Maxime Bernier has declared that the present Canadian government is guilty of “extreme multiculturalism” and “excess diversity” so I better stop listening to bagpipes of my Scottish past.  But let’s understand that Mr. Bernier undoubtedly does not include his ‘pur laine’ French Canadian flock in this condemnation.  He probably even excludes English, French, Scottish and maybe even Irish from this extremism.  No undoubtedly, he is referring to immigrants from Africa, Asia, the Middle East and maybe even South America, particularly those that don’t share his religion or culture.  However, I would confidently claim that there are citizens of Canada who represent every country in the world.  Where do we draw the line?

“Man is a credulous animal and must believe something; in the absence of good grounds for belief, he will be satisfied with bad ones.”
  - Bertrand Russell

There is a chapter in James Mitchener’s book “Hawaii” titled “The Golden Men” that talks about the fourth and fifth generation people from all of the major groups that make up the Hawaiian population.  These people from America, Japan and China as well as the native Hawaiians come together, intermarry, interbreed, interact and thrive creating a new breed of people who bring out the best of their various backgrounds.  Although the book is fiction perhaps there is a lesson here of what diversity can bring us.  Many years ago, in a high school essay, I wrote that it is not the first generation of immigrants that should be the target of our efforts, but the second and third.  I still believe that today.
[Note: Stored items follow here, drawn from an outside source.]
(* Let $?:[0,1]\to[0,1]$ be the Minkowski question mark function and let $k\in\mathbb{N}_0=\{0,1,2,\dots\}$. Suppose that $\int_0^1\cos(2\pi n x)\,d?(x)\to 0$ as $n\to\infty$ ($n\in\mathbb{N}$). Then $$\int_0^1 (ix)^k e^{itx}\,d?(x)=o(1)\quad\text{as } |t|\to\infty.$$
   Context: The Minkowski question mark function is defined on $[0,1]$ by $?(0)=0$, $?(1)=1$ and, for $x=[0;a_1,a_2,a_3,\dots]$ written as a regular continued fraction (finite for rational $x$, in which case the sum is finite), $?(x)=2\sum_{i\ge1}(-1)^{i+1}2^{-(a_1+\cdots+a_i)}$. It is continuous, strictly increasing and singular. The hypothesis is an affirmative answer to Salem's question whether the Fourier–Stieltjes coefficients $d_n=\int_0^1\cos(2\pi nx)\,d?(x)$ tend to zero (note $\int_0^1\sin(2\pi nx)\,d?(x)=0$ for all $n$). *)

From Stdlib Require Import Reals ZArith.
From Coquelicot Require Import Coquelicot.
Open Scope R_scope.

(* Gauss map: x |-> 1/x - floor(1/x) (and 0 |-> 0, the expansion has ended). *)
Definition gauss_map (x : R) : R :=
  if Req_EM_T x 0 then 0 else / x - IZR (Int_part (/ x)).

Fixpoint cf_rem (x : R) (i : nat) : R :=
  match i with
  | O => x
  | S j => gauss_map (cf_rem x j)
  end.

(* a_{i+1}(x) = floor(1/x_i) if x_i <> 0; 0 once the expansion terminated. *)
Definition cf_digit (x : R) (i : nat) : nat :=
  let y := cf_rem x i in
  if Req_EM_T y 0 then 0%nat else Z.to_nat (Int_part (/ y)).

Fixpoint cf_digit_sum (x : R) (i : nat) : nat :=
  match i with
  | O => cf_digit x 0
  | S j => (cf_digit_sum x j + cf_digit x (S j))%nat
  end.

(* The (i+1)-th term 2 (-1)^{(i+1)+1} 2^{-(a_1+...+a_{i+1})}, or 0 when
   the (finite) expansion has no (i+1)-th partial quotient. *)
Definition minkowski_term (x : R) (i : nat) : R :=
  if Req_EM_T (cf_rem x i) 0 then 0
  else 2 * (-1) ^ i * (/ 2) ^ (cf_digit_sum x i).

(** Minkowski question mark function ?(x) = 2 sum_{i>=1} (-1)^{i+1} 2^{-(a_1+..+a_i)}
    (relevant on [0,1]; gives ?(0) = 0 and ?(1) = 1). *)
Definition minkowski (x : R) : R := Series (minkowski_term x).

Definition is_RS_integral {V : NormedModule R_AbsRing}
  (f : R -> V) (g : R -> R) (a b : R) (I : V) : Prop :=
  forall eps : posreal, exists delta : posreal,
    forall (n : nat) (p xi : nat -> R),
      p O = a -> p n = b ->
      (forall i, (i < n)%nat ->
         p i <= xi i <= p (S i) /\ p (S i) - p i < delta) ->
      norm (minus (sum_n (fun i => scal (g (p (S i)) - g (p i)) (f (xi i)))
                         (pred n)) I) < eps.

Definition cis (theta : R) : C := (RtoC (cos theta) + Ci * RtoC (sin theta))%C.

From Stdlib Require Import Reals Lra Lia ZArith ClassicalEpsilon FunctionalExtensionality.
From Coquelicot Require Import Coquelicot.
Open Scope R_scope.

(* Only five properties of [?] are used: it is nondecreasing on [0,1], [?(0) = 0], [?(1) = 1],
   [?(1 - x) = 1 - ?(x)], and [?(x) -> 0] as [x -> 0+]; all follow from the functional equation
   [?(x) = 2^(-a_1) (2 - ?(G x))] for the Gauss map [G].

   For an [L]-Lipschitz integrand the Riemann--Stieltjes sums over any two partitions of mesh
   [d1], [d2] differ by at most [L (d1 + d2)], so the integral exists and is the limit of the
   uniform left sums [U_N f], with error [L / N]. The symmetry of [?] makes [U_N sin (2 pi m x)]
   of size [O(m / N)], so by Salem's hypothesis [U_N cos (2 pi m x + c)] is small for all large
   [m] and [N >> m]. For [t = 2 pi n + s] with [0 <= s < 2 pi], replacing [cos (s x + a)] and
   [sin (s x + a)] by their Fejér means of a fixed order [K] writes [cos (t x + a)], up to a small
   error on [[eta, 1 - eta]], as an average of [cos (2 pi m x + c)] with [|m - n| <= K]; the
   intervals [[0, eta]] and [[1 - eta, 1]] have small [?]-mass. Finally, [x^(j+1) sin (t x + b)] is
   a difference quotient in [t] of [x^j cos (t x + b)] up to [O(h^2)], which gives the powers
   [x^k] by induction. *)

Fixpoint rsum (n : nat) (u : nat -> R) : R :=
  match n with O => 0 | S m => rsum m u + u m end.

Lemma rsum_ext n u v : (forall i, (i < n)%nat -> u i = v i) -> rsum n u = rsum n v.
Proof.
  induction n as [|n IH]; intros H; simpl; auto.
  rewrite IH by (intros; apply H; lia). rewrite H by lia. reflexivity.
Qed.

Lemma rsum_le n u v : (forall i, (i < n)%nat -> u i <= v i) -> rsum n u <= rsum n v.
Proof.
  induction n as [|n IH]; intros H; simpl; [lra|].
  assert (rsum n u <= rsum n v) by (apply IH; intros; apply H; lia).
  assert (u n <= v n) by (apply H; lia). lra.
Qed.

Lemma rsum_plus n u v : rsum n (fun i => u i + v i) = rsum n u + rsum n v.
Proof. induction n; simpl; [lra|]. rewrite IHn; ring. Qed.

Lemma rsum_minus n u v : rsum n (fun i => u i - v i) = rsum n u - rsum n v.
Proof. induction n; simpl; [lra|]. rewrite IHn; ring. Qed.

Lemma rsum_scal n c u : rsum n (fun i => c * u i) = c * rsum n u.
Proof. induction n; simpl; [lra|]. rewrite IHn; ring. Qed.

Lemma rsum_scal_r n c u : rsum n (fun i => u i * c) = rsum n u * c.
Proof. induction n; simpl; [lra|]. rewrite IHn; ring. Qed.

Lemma rsum_opp n u : rsum n (fun i => - u i) = - rsum n u.
Proof. induction n; simpl; [lra|]. rewrite IHn; ring. Qed.

Lemma rsum_const n c : rsum n (fun _ => c) = INR n * c.
Proof. induction n; simpl rsum; [simpl; lra|]. rewrite IHn, S_INR; ring. Qed.

Lemma rsum_abs n u : Rabs (rsum n u) <= rsum n (fun i => Rabs (u i)).
Proof.
  induction n; simpl; [rewrite Rabs_R0; lra|].
  eapply Rle_trans; [apply Rabs_triang|]. lra.
Qed.

Lemma rsum_swap n m (u : nat -> nat -> R) :
  rsum n (fun i => rsum m (fun j => u i j)) = rsum m (fun j => rsum n (fun i => u i j)).
Proof.
  induction n; simpl; [rewrite rsum_const; simpl; ring|].
  rewrite IHn, <- rsum_plus. reflexivity.
Qed.

Lemma rsum_telescope n (h : nat -> R) : rsum n (fun i => h (S i) - h i) = h n - h O.
Proof. induction n; simpl; [ring|]. rewrite IHn; ring. Qed.

Lemma rsum_sum_n n u : sum_n u n = rsum (S n) u.
Proof.
  induction n; [rewrite sum_O; simpl; rewrite Rplus_0_l; reflexivity|].
  rewrite sum_Sn, IHn. reflexivity.
Qed.

Lemma rsum_shift n u : rsum (S n) u = u O + rsum n (fun i => u (S i)).
Proof. induction n; simpl rsum in *; [ring|]. rewrite IHn. ring. Qed.

Lemma rsum_rev n u : rsum n u = rsum n (fun i => u (n - 1 - i)%nat).
Proof.
  induction n; [reflexivity|].
  change (rsum n u + u n = rsum (S n) (fun i => u (S n - 1 - i)%nat)).
  rewrite rsum_shift, IHn. replace (S n - 1 - 0)%nat with n by lia.
  rewrite Rplus_comm. f_equal. apply rsum_ext; intros. f_equal. lia.
Qed.

Lemma rsum_sq n (a : nat -> R) : rsum n a ^ 2 = rsum n (fun k => rsum n (fun l => a k * a l)).
Proof.
  simpl. rewrite Rmult_1_r, <- rsum_scal_r. apply rsum_ext; intros.
  rewrite <- rsum_scal. reflexivity.
Qed.

Lemma rsum_delta K k c : (k < K)%nat -> rsum K (fun l => if Nat.eq_dec k l then c else 0) = c.
Proof.
  induction K; intros H; [lia|]. simpl rsum. destruct (Nat.eq_dec k K) as [->|].
  - rewrite (rsum_ext _ _ (fun _ => 0)), rsum_const; [ring|].
    intros i Hi. destruct Nat.eq_dec; [lia|auto].
  - rewrite IHK by lia. ring.
Qed.

(** * Riemann--Stieltjes sums against a nondecreasing integrator *)

Definition nondecr01 (g : R -> R) := forall x y, 0 <= x -> x <= y -> y <= 1 -> g x <= g y.

Definition lipschitz01 (f : R -> R) L := forall x y, 0 <= x <= 1 -> 0 <= y <= 1 ->
  Rabs (f x - f y) <= L * Rabs (x - y).

Definition tagged_partition n (p xi : nat -> R) d := p O = 0 /\ p n = 1 /\
  forall i, (i < n)%nat -> (p i <= xi i <= p (S i)) /\ p (S i) - p i <= d.

Definition RS_sum g f n (p xi : nat -> R) := rsum n (fun i => (g (p (S i)) - g (p i)) * f (xi i)).

Section Partition.

Variables (n : nat) (p xi : nat -> R) (d : R).
Hypothesis Hp : tagged_partition n p xi d.

Lemma partition_mono i j : (i <= j <= n)%nat -> p i <= p j.
Proof.
  destruct Hp as [_ [_ Hcell]]. induction j; intros Hj.
  - replace i with O by lia. lra.
  - destruct (Nat.eq_dec i (S j)) as [->|]; [lra|].
    assert (p i <= p j) by (apply IHj; lia). destruct (Hcell j) as [[? ?] ?]; [lia|lra].
Qed.

Lemma partition_range i : (i <= n)%nat -> 0 <= p i <= 1.
Proof.
  intros Hi. destruct Hp as [P0 [P1 _]]. rewrite <- P0, <- P1 at 1.
  split; apply partition_mono; lia.
Qed.

Lemma partition_cell i : (i < n)%nat -> 0 <= p i <= p (S i) /\ p (S i) <= 1.
Proof.
  intros Hi. pose proof (partition_range i ltac:(lia)). pose proof (partition_range (S i) ltac:(lia)).
  pose proof (partition_mono i (S i) ltac:(lia)). lra.
Qed.

Lemma partition_tag_range i : (i < n)%nat -> 0 <= xi i <= 1.
Proof.
  intros Hi. pose proof (partition_range i ltac:(lia)). pose proof (partition_range (S i) ltac:(lia)).
  destruct Hp as [_ [_ Hcell]]. destruct (Hcell i Hi) as [[? ?] ?]. lra.
Qed.

End Partition.

Lemma clamp_diff a b c d : a <= b -> c <= d ->
  Rmax 0 (Rmin b d - Rmax a c) = Rmin b (Rmax a d) - Rmin b (Rmax a c).
Proof. intros. unfold Rmax, Rmin. repeat destruct Rle_dec; lra. Qed.

Section Overlap.

Variable g : R -> R.
Hypothesis g_nondecr : nondecr01 g.

(* The [g]-mass of the intersection of the cells [[a, b]] and [[q j, q (S j)]]. *)
Definition overlap a b (q : nat -> R) j := Rmax 0 (Rmin (g b) (g (q (S j))) - Rmax (g a) (g (q j))).

Lemma overlap_sum m q eta d a b : tagged_partition m q eta d -> 0 <= a <= b -> b <= 1 ->
  rsum m (overlap a b q) = g b - g a.
Proof.
  intros Hq Hab Hb. pose proof (partition_range _ _ _ _ Hq) as Rq.
  assert (Hgq : forall j, (j <= m)%nat -> g 0 <= g (q j) <= g 1).
  { intros j Hj. pose proof (Rq j Hj). split; apply g_nondecr; lra. }
  unfold overlap. rewrite (rsum_ext _ _ (fun j => Rmin (g b) (Rmax (g a) (g (q (S j)))) - Rmin (g b) (Rmax (g a) (g (q j))))).
  - rewrite (rsum_telescope m (fun j => Rmin (g b) (Rmax (g a) (g (q j))))).
    destruct Hq as [-> [-> _]].
    assert (g 0 <= g a /\ g a <= g b /\ g b <= g 1) as [? [? ?]] by (repeat split; apply g_nondecr; lra).
    unfold Rmax, Rmin; repeat destruct Rle_dec; lra.
  - intros j Hj. apply clamp_diff; [apply g_nondecr; lra|].
    apply g_nondecr; try apply Rq; try lia. apply (partition_mono _ _ _ _ Hq); lia.
Qed.

Lemma overlap_pos_close a b q j : 0 <= a <= b -> b <= 1 -> 0 <= q j <= q (S j) -> q (S j) <= 1 ->
  0 < overlap a b q j -> q j < b /\ a < q (S j).
Proof.
  intros Ha Hb Hqj HqS Hpos. unfold overlap, Rmax at 1 in Hpos. destruct Rle_dec; [|lra].
  assert (Hg : g (q j) < g b /\ g a < g (q (S j))) by (unfold Rmin, Rmax in *; repeat destruct Rle_dec; lra).
  split.
  - destruct (Rlt_dec (q j) b) as [|N]; auto.
    assert (g b <= g (q j)) by (apply g_nondecr; lra). lra.
  - destruct (Rlt_dec a (q (S j))) as [|N]; auto.
    assert (g (q (S j)) <= g a) by (apply g_nondecr; lra). lra.
Qed.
Some people are appalled at the thought of intermarriage.  They want ethnic purity above all else.  However, this can become the equivalent of interbreeding with a family.  It eventually exposes all of the weaknesses. So, what’s wrong with intermarriage?  People have been doing it as long a there have been differences at the family, tribal, ethnic and national level.  At the worst, it will bring no difference to the human condition, except perhaps the end of ethnic discrimination.  At best, it will produce people with strengths from different groups.  You would be very hard pressed to find anybody in North America or Western Europe who are not the product of some degree of ethnic mix.  History has moved too many people around different locations for this not to be the case.

Would I be upset if one of my children or grandchildren chose a partner from a different race or ethnic group?  Not at all.  I would welcome the diversity it would bring our family.

So, let’s embrace diversity among all races instead of wasting our time defending something that is probably not worth defending.

“At least two-thirds of our miseries spring from human stupidity, human malice and those great motivators and justifiers of malice and stupidity: idealism, dogmatism and proselytizing zeal on behalf of religious or political ideas.”